A shiny app for clusters that are not there
Overview
Clusters That Are Not There is a Shiny application designed to help researchers quantify inferential risks when applying clustering methods such as Gaussian Mixture Models (GMM) or k-means. Inspired by the article Clusters That Are Not There (Toffalini et al., 2024), the app provides an accessible interface to run Monte Carlo simulations that evaluate Type I error, power, and classification accuracy under conditions commonly found in psychological research.
The core message of the paper is simple but crucial:
Clustering methods can easily “detect” clusters even when none exist — especially when assumptions such as normality or local independence are violated.
This app offers an intuitive way to test these risks before running cluster analyses on real data.
➡️ Explore the app: https://psicostat.shinyapps.io/clustersimulation-demo/
➡️ Manuscript: Toffalini et al., https://doi.org/10.1002/ijop.13246 (Open Access)
What the App Does
The app implements the simulation logic described in the manuscript, allowing users to:
- Simulate datasets with custom characteristics:
- sample size
- number of indicators
- correlations
- skewness and kurtosis
- effect size (d) between true clusters
- Estimate Type I error
How often does a method detect multiple clusters when the data truly come from one population? (e.g., GMM may show inflated Type I error under modest skewness) - Estimate Power
How often does the method correctly detect two clusters when they truly exist? (e.g., with d = .50 and N = 700, power is extremely low for both GMM and k-means) - Assess classification accuracy
Using the Adjusted Rand Index, the app reveals how often detected clusters actually match the true underlying structure (k-means may detect “two clusters” with 100% power but classify individuals no better than chance (Adjusted Rand Index ≈ .06)).
Why This Matters
Clustering is popular in psychology, but the assumptions behind common methods are often unmet.

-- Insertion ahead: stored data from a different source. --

Lemma lowersetP P L :
  reflect (L \subset P /\ {in L & P, forall pi sigma, arrow P sigma pi -> sigma \in L})
          (lowerset P L).
Proof.
apply: (iffP andP) => [[LP /forall_inP low]|[LP low]]; split => //.
  by move=> pi sigma piL sP; move: (low pi piL) => /forall_inP /(_ sigma sP) /implyP.
by apply/forall_inP => pi piL; apply/forall_inP => s sP; apply/implyP; apply: low.
Qed.

Lemma lowerset0 P : lowerset P set0.
Proof. by apply/lowersetP; split => [|pi]; rewrite ?sub0set ?inE. Qed.

Lemma lowerset_first_block P (z : 'I_n) :
  partition P [set: 'I_n] -> noncrossing P -> val z = 0 -> lowerset P [set pblock P z].
Proof.
move=> pP /noncrossingP ncP z0.
have zP : z \in cover P by rewrite (cover_partition pP) inE.
set B0 := pblock P z; have B0P : B0 \in P := pblock_mem zP.
have tP := partition_trivIset pP.
apply/lowersetP; split => [|pi s]; first by rewrite sub1set.
rewrite inE => /eqP -> sP ar; rewrite inE; apply/eqP; apply: (connect_sink _ ar) => x.
case/and3P => xP _ meet; apply/eqP; apply: contraNT meet => xB0.
have notB0 y : y \in x -> y \notin B0.
  by move=> yx; apply: contra xB0 => yB0; rewrite -(def_pblock tP xP yx) (def_pblock tP B0P yB0).
have zB0 : z \in B0 by rewrite mem_pblock.
have neq y v : y \in x -> v \in B0 -> y != v.
  by move=> yx vB0; apply: contraTneq vB0 => <-; apply: notB0.
apply/disjoint_memP => u /convP [a [b [ax bx au ub]]]; apply/negP => uB0.
have za : (z < a)%N by rewrite (ord0_lt z0) // (neq _ _ ax zB0).
have au' : (a < u)%N by rewrite ltn_neqAle au andbT (neq _ _ ax uB0).
have ub' : (u < b)%N by rewrite ltn_neqAle ub andbT eq_sym (neq _ _ bx uB0).
by apply: (ncP B0 x B0P xP _ z u a b zB0 uB0 ax bx za au' ub'); rewrite eq_sym.
Qed.

Lemma block_sub_gap P L B : partition P [set: 'I_n] -> lowerset P L ->
  B \in P -> B \notin L -> exists2 i, (i <= #|cover L|)%N & B \subset gap (cover L) i.
Proof.
move=> pP /lowersetP [LP low] BP BL; apply: sub_gap (partition_neq0 pP BP) _ _.
  apply/subsetP => x xB; rewrite inE; apply/negP => /bigcupP [pi piL xpi]; apply: (negP BL).
  have tP := partition_trivIset pP.
  by rewrite -(def_pblock tP BP xB) (def_pblock tP (subsetP LP _ piL) xpi).
move=> y y' x yB y'B /bigcupP [pi piL xpi] yx xy'; apply: (negP BL).
apply: (low pi B piL BP); apply: connect1; rewrite /arrow0 BP (subsetP LP _ piL) /=.
apply/negP => /disjoint_memP/(_ x (mem_conv yB y'B (ltnW yx) (ltnW xy'))).
by rewrite xpi.
Qed.

Lemma lowerset_Jn L : L \subset Jn n -> lowerset (Jn n) L.
Proof.
move=> LJ; apply/lowersetP; split => // pi s piL sJ ar; suff -> : s = pi by [].
apply: (connect_sink _ ar) => x /and3P [/imsetP [a _ ->] /imsetP [b _ ->]].
apply: contraNeq => ab; apply/disjoint_memP => v /convP [a' [b' []]].
rewrite !inE => /eqP -> /eqP -> av va.
have -> : v = a by apply/ord_inj/eqP; rewrite eqn_leq av va.
by apply: contra ab => /eqP ->.
Qed.

End Lowersets.

Section Singletons.
Variable n : nat.
Implicit Types (S : {set 'I_n}) (L : {set {set 'I_n}}).

Definition singletons S : {set {set 'I_n}} := [set [set i] | i in S].

Lemma cover_singletons S : cover (singletons S) = S.
Proof.
apply/setP => x; apply/bigcupP/idP => [[_ /imsetP [i iS ->]]|xS]; first by rewrite inE => /eqP ->.
by exists [set x]; rewrite ?set11 ?imset_f.
Qed.

Lemma singletons_cover L : L \subset Jn n -> singletons (cover L) = L.
Proof.
move=> LJ; apply/setP => C; apply/imsetP/idP => [[i /bigcupP [B BL iB] ->]|CL].
  by have /imsetP [j _ eB] := subsetP LJ _ BL; move: iB; rewrite eB inE => /eqP ->; rewrite -eB.
have /imsetP [j _ eC] := subsetP LJ _ CL.
by exists j => //; apply/bigcupP; exists C; rewrite // eC set11.
Qed.

Lemma singletons_sub_Jn S : singletons S \subset Jn n.
Proof. by apply/subsetP => _ /imsetP [i _ ->]; apply: imset_f. Qed.

End Singletons.

Section NCPartitions.
Variable n : nat.
Implicit Types (X A B C : {set 'I_n}) (Q : {set {set 'I_n}}).

Definition ncpartition Q X := partition Q X && noncrossing Q.

Definition blocks_in Q A := [set C in Q | C \subset A].

Lemma ncpartition1 X : X != set0 -> ncpartition [set X] X.
Proof.
move=> X0; rewrite /ncpartition /partition cover1 eqxx trivIset1 inE eq_sym X0 /=.
by apply/noncrossingP => C C'; rewrite !inE => /eqP -> /eqP ->; rewrite eqxx.
Qed.

Lemma ncpartitionU A B Q1 Q2 :
  ncpartition Q1 A -> ncpartition Q2 B -> [disjoint A & B] ->
  {in Q1 & Q2, forall C1 C2, nocross C1 C2 /\ nocross C2 C1} ->
  ncpartition (Q1 :|: Q2) (A :|: B).
Proof.
case/andP => p1 /noncrossingP n1 /andP [p2 /noncrossingP n2] dAB X12.
have apart C1 C2 : C1 \in Q1 -> C2 \in Q2 -> [disjoint C1 & C2].
  by move=> C1Q C2Q; apply: disjointW (partitionS p1 C1Q) (partitionS p2 C2Q) dAB.
apply/andP; split; [apply/and3P; split|].
- by rewrite /cover bigcup_setU -!/(cover _) (cover_partition p1) (cover_partition p2).
- apply/trivIsetP => C C'; rewrite !inE => /orP [h|h] /orP [h'|h'] ne.
  + exact: (trivIsetP (partition_trivIset p1)).
  + exact: apart.
  + by rewrite disjoint_sym apart.
  + exact: (trivIsetP (partition_trivIset p2)).
- by rewrite !inE (partition0 p1) (partition0 p2).
apply/noncrossingP => C C'; rewrite !inE => /orP [h|h] /orP [h'|h'] ne.
- exact: n1.
- by case: (X12 _ _ h h').
- by case: (X12 _ _ h' h).
- exact: n2.
Qed.

Lemma ncpartition_blocks_in X Q A : ncpartition Q X ->
  (forall C, C \in Q -> C \subset A \/ [disjoint C & A]) -> A \subset X ->
  ncpartition (blocks_in Q A) A.
Proof.
case/andP => pQ /noncrossingP nQ inout AX; apply/andP; split; [apply/and3P; split|].
- apply/eqP/setP => x; apply/bigcupP/idP => [[C]|xA].
    by rewrite inE => /andP [_ CA] xC; apply: (subsetP CA).
  have : x \in cover Q by rewrite (cover_partition pQ) (subsetP AX).
  case/bigcupP => C CQ xC; exists C => //; rewrite inE CQ /=.
  by case: (inout C CQ) => // /disjoint_memP/(_ x xC); rewrite xA.
- by apply: trivIsetS (partition_trivIset pQ); apply/subsetP => C; rewrite inE => /andP [].
- by rewrite inE (partition0 pQ).
apply/noncrossingP => C C'; rewrite !inE => /andP [CQ _] /andP [C'Q _]; exact: nQ.
Qed.

Lemma ncpartition_split A B Q : ncpartition Q (A :|: B) -> [disjoint A & B] ->
  (forall C, C \in Q -> C \subset A \/ C \subset B) ->
  [/\ ncpartition (blocks_in Q A) A, ncpartition (blocks_in Q B) B
    & blocks_in Q A :|: blocks_in Q B = Q].
Proof.
move=> ncQ dAB AorB; have pQ : partition Q (A :|: B) by case/andP: ncQ.
have dCA C : C \subset B -> [disjoint C & A].
  by move=> CB; rewrite disjoint_sym; apply: disjointWr CB dAB.
have dCB C : C \subset A -> [disjoint C & B] by move=> CA; apply: disjointWl CA dAB.
split.
- apply: ncpartition_blocks_in ncQ _ (subsetUl _ _) => C /AorB [CA|/dCA]; by [left|right].
- apply: ncpartition_blocks_in ncQ _ (subsetUr _ _) => C /AorB [/dCB|CB]; by [right|left].
apply/setP => C; rewrite !inE -andb_orr.
by case CQ: (C \in Q) => //=; case: (AorB C CQ) => ->; rewrite ?orbT.
Qed.

Lemma blocks_inU A B Q1 Q2 : partition Q1 A -> partition Q2 B -> [disjoint A & B] ->
  [/\ blocks_in (Q1 :|: Q2) A = Q1, blocks_in (Q1 :|: Q2) B = Q2 & [disjoint Q1 & Q2]].
Proof.
have nsub X (Y : {set 'I_n}) Q C :
    partition Q X -> [disjoint X & Y] -> C \in Q -> ~~ (C \subset Y).
  move=> pQ dXY CQ; have Q0 := partition_neq0 pQ CQ.
  by apply/negP => /(disjoint_nonempty_sub Q0 (partitionS pQ CQ)); rewrite dXY.
have only X (Y : {set 'I_n}) (Qx Qy : {set {set 'I_n}}) :
    partition Qx X -> partition Qy Y -> [disjoint Y & X] -> blocks_in (Qx :|: Qy) X = Qx.
  move=> pX pY dYX; apply/setP => C; rewrite !inE andb_orl.
  case CQx: (C \in Qx); first by rewrite (partitionS pX CQx).
  by case CQy: (C \in Qy); rewrite ?andbF // (negbTE (nsub _ _ _ _ pY dYX CQy)).
move=> p1 p2 dAB; split; first by apply: only p1 p2 _; rewrite disjoint_sym.
  by rewrite setUC; apply: only p2 p1 dAB.
by apply/disjoint_memP => C CQ1; apply: contra (nsub _ _ _ _ p1 dAB CQ1) => /(partitionS p2).
Qed.

End NCPartitions.

Section Transport.
Variables (n : nat) (X : {set 'I_n}).

Definition embed (C : {set 'I_#|X|}) : {set 'I_n} := [set enum_val j | j in C].

Definition expand (Q : {set {set 'I_#|X|}}) : {set {set 'I_n}} := [set embed C | C in Q].

Lemma trace_embed (C : {set 'I_#|X|}) : trace X (embed C) = C.
Proof. by apply/setP => j; rewrite inE mem_imset //; apply: enum_val_inj. Qed.

Lemma restrict_expand (Q : {set {set 'I_#|X|}}) : set0 \notin Q -> restrict (expand Q) X = Q.
Proof.
move=> Q0; apply/setP => C; apply/idP/idP.
  by case/restrictP => _ [B /imsetP [C' C'Q ->] ->]; rewrite trace_embed.
move=> CQ; have C0 : C != set0 by apply: contraNneq Q0 => <-.
by rewrite -(trace_embed C); apply: trace_restrict; rewrite ?imset_f ?trace_embed.
Qed.

Lemma expand_restrict (Q : {set {set 'I_n}}) : partition Q X -> expand (restrict Q X) = Q.
Proof.
move=> pQ; have BX B : B \in Q -> B :&: X = B by move/(partitionS pQ)/setIidPl.
apply/setP => B; apply/imsetP/idP => [[C /restrictP [_ [B' B'Q ->]] ->]|BQ].
  by rewrite /embed enum_val_trace BX.
exists (trace X B); last by rewrite /embed enum_val_trace BX.
apply: trace_restrict => //; rewrite -card_gt0 card_trace BX // card_gt0.
exact: partition_neq0 pQ BQ.
Qed.

Lemma expand_ncpartition (Q : {set {set 'I_#|X|}}) : isNCP Q -> ncpartition (expand Q) X.
Proof.
case/andP => pQ /noncrossingP ncQ.
apply/andP; split.
  have im : [set enum_val j | j in [set: 'I_#|X|]] = X.
    apply/setP => x; apply/imsetP/idP => [[j _ ->]|xX]; first exact: enum_valP.
    by exists (enum_rank_in xX x); rewrite ?enum_rankK_in.
  by rewrite -[X in partition _ X]im imset_partition //; apply: enum_val_inj.
apply/noncrossingP => B B' /imsetP [C CQ ->] /imsetP [C' C'Q ->] ne.
have CC' : C != C' by apply: contraNneq ne => ->.
move=> a b c d /imsetP [a' aC ->] /imsetP [b' bC ->] /imsetP [c' cC ->] /imsetP [d' dC ->].
rewrite !enum_val_ltE; exact: ncQ CC' _ _ _ _ aC bC cC dC.
Qed.

End Transport.

Section GapDecomposition.
Variable n : nat.
Implicit Types (S C : {set 'I_n}) (Q : {set {set 'I_n}}).

Definition below_gaps S m := [set y | (y \notin S) && (nbelow S y < m)%N].

Definition in_gaps S m Q := [forall C in Q, [exists i : 'I_m, C \subset gap S i]].

Lemma in_gapsP S m Q :
  reflect (forall C, C \in Q -> exists2 i, (i < m)%N & C \subset gap S i) (in_gaps S m Q).
Proof.
apply: (iffP forall_inP) => [H C /H /existsP [i Ci]|H C /H [i im Ci]]; first by exists i.
by apply/existsP; exists (Ordinal im).
Qed.

Lemma below_gaps0 S : below_gaps S 0 = set0.
Proof. by apply/setP => y; rewrite !inE ltn0 andbF. Qed.

Lemma below_gapsS S m : below_gaps S m.+1 = below_gaps S m :|: gap S m.
Proof. by apply/setP => y; rewrite !inE ltnS leq_eqVlt; case: (y \in S); rewrite //= orbC. Qed.

Lemma below_gaps_all S : below_gaps S #|S|.+1 = ~: S.
Proof. by apply/setP => y; rewrite !inE ltnS nbelow_le_card andbT. Qed.

Lemma gap_sub_below S i m : (i < m)%N -> gap S i \subset below_gaps S m.
Proof. by move=> im; apply/subsetP => y; rewrite in_gap inE => /andP [-> /eqP ->]. Qed.

Lemma disjoint_below_gap S m : [disjoint below_gaps S m & gap S m].
Proof.
apply/disjoint_memP => y; rewrite inE in_gap => /andP [_ ym].
by rewrite negb_and (ltn_eqF ym) orbT.
Qed.

Lemma in_gaps_split S m Q :
  ncpartition Q (below_gaps S m.+1) -> in_gaps S m.+1 Q ->
  [/\ ncpartition (blocks_in Q (below_gaps S m)) (below_gaps S m)
        && in_gaps S m (blocks_in Q (below_gaps S m)),
      ncpartition (blocks_in Q (gap S m)) (gap S m)
    & blocks_in Q (below_gaps S m) :|: blocks_in Q (gap S m) = Q].
Proof.
rewrite below_gapsS => ncQ /in_gapsP inQ; have pQ : partition Q _ := proj1 (andP ncQ).
have [|nc1 nc2 QE] := ncpartition_split ncQ (disjoint_below_gap S m).
  move=> C /inQ [i]; rewrite ltnS leq_eqVlt => /orP [/eqP -> |im] Ci; first by right.
  by left; apply: subset_trans Ci (gap_sub_below _ im).
split=> //; rewrite nc1; apply/in_gapsP => C; rewrite inE => /andP [CQ Cb].
have [i] := inQ C CQ; rewrite ltnS leq_eqVlt => /orP [/eqP eim|]; last by exists i.
rewrite eim => Cm; have := disjoint_nonempty_sub (partition_neq0 pQ CQ) Cb Cm.
by rewrite disjoint_below_gap.
Qed.

Lemma in_gaps_glue S m Q1 Q2 :
  ncpartition Q1 (below_gaps S m) -> in_gaps S m Q1 -> ncpartition Q2 (gap S m) ->
  ncpartition (Q1 :|: Q2) (below_gaps S m.+1) && in_gaps S m.+1 (Q1 :|: Q2).
Proof.
move=> nc1 /in_gapsP in1 nc2; have p2 : partition Q2 _ := proj1 (andP nc2).
rewrite below_gapsS (ncpartitionU nc1 nc2 (disjoint_below_gap S m)) /=.
  apply/in_gapsP => C; rewrite inE => /orP [/in1 [i im Ci]|CQ2].
    by exists i => //; apply: ltnW.
  by exists m => //; apply: partitionS p2 CQ2.
move=> C1 C2 /in1 [i im Ci] C2Q; apply: nocross_sep => x y xC1 yC2.
exact: gap_lt (subsetP Ci _ xC1) (subsetP (partitionS p2 C2Q) _ yC2) im.
Qed.

Lemma first_block_split (z : 'I_n) S Q : val z = 0 ->
  ncpartition Q [set: 'I_n] -> pblock Q z = S ->
  [/\ blocks_in Q S == [set S],
      ncpartition (blocks_in Q (~: S)) (~: S) && in_gaps S #|S|.+1 (blocks_in Q (~: S))
    & blocks_in Q S :|: blocks_in Q (~: S) = Q].
Proof.
move=> z0 ncQ QS; have /andP [pQ /noncrossingP ncrQ] := ncQ.
have zQ : z \in cover Q by rewrite (cover_partition pQ) inE.
have SQ : S \in Q by rewrite -QS pblock_mem.
have zS : z \in S by rewrite -QS mem_pblock.
have other C : C \in Q -> C != S -> C \subset ~: S.
  by move=> CQ CS; rewrite -disjoints_subset (trivIsetP (partition_trivIset pQ)).
have dS : [disjoint S & ~: S] by rewrite disjoints_subset setCK.
have ncQ' : ncpartition Q (S :|: ~: S) by rewrite setUCr.
have [|nc1 nc2 QE] := ncpartition_split ncQ' dS.
  by move=> C CQ; have [->|/(other _ CQ)] := eqVneq C S; [left|right].
split => //.
  apply/eqP/setP => C; rewrite !inE; apply/andP/eqP => [[CQ CS]|->]; last by rewrite SQ.
  apply/eqP; apply: contraTT CS => /(other _ CQ) CnS; apply/negP => CS.
  have := disjoint_nonempty_sub (partition_neq0 pQ CQ) CS CnS.
  by rewrite dS.
rewrite nc2; apply/in_gapsP => C; rewrite inE => /andP [CQ CnS].
have CS : S != C.
  by apply: contraTneq CnS => <-; apply/negP => /subsetP/(_ z zS); rewrite inE zS.
have [y y' x yC y'C xS yx xy'|i ile Ci] := sub_gap (partition_neq0 pQ CQ) CnS; last first.
  by exists i; rewrite ?ltnS.
have zy : (z < y)%N.
  by apply: ord0_lt z0 _; apply: contraTneq yC => ->; apply/negP => /(subsetP CnS); rewrite inE zS.
exact: ncrQ _ _ SQ CQ CS z x y y' zS xS yC y'C zy yx xy'.
Qed.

The manuscript shows several scenarios where:
- Moderate skewness (skew = .50) yields 48% false positives for GMM in our simulation (p.7)
- Modest correlations (r = .35) produce 100% false positives for k-means (p.8–9)
- Large sample sizes exacerbate the problem for GMM (p.12)
- GMM may “create” clusters to compensate for skewed distributions (Figure 6, p.13)
These are exactly the pitfalls the app helps users explore and understand.
Features at a Glance
- 🧮 Monte Carlo simulation interface
- 🔢 Data Specification mode (define your own distributions)
- 📂 Data Upload mode (upload your dataset and test risks)
- 📊 GMM and k-means implementations following the paper
- 🔍 Visual summaries of detected cluster counts
- ⏱️ Time-limited simulation mode for web performance
- 📥 Downloadable simulation settings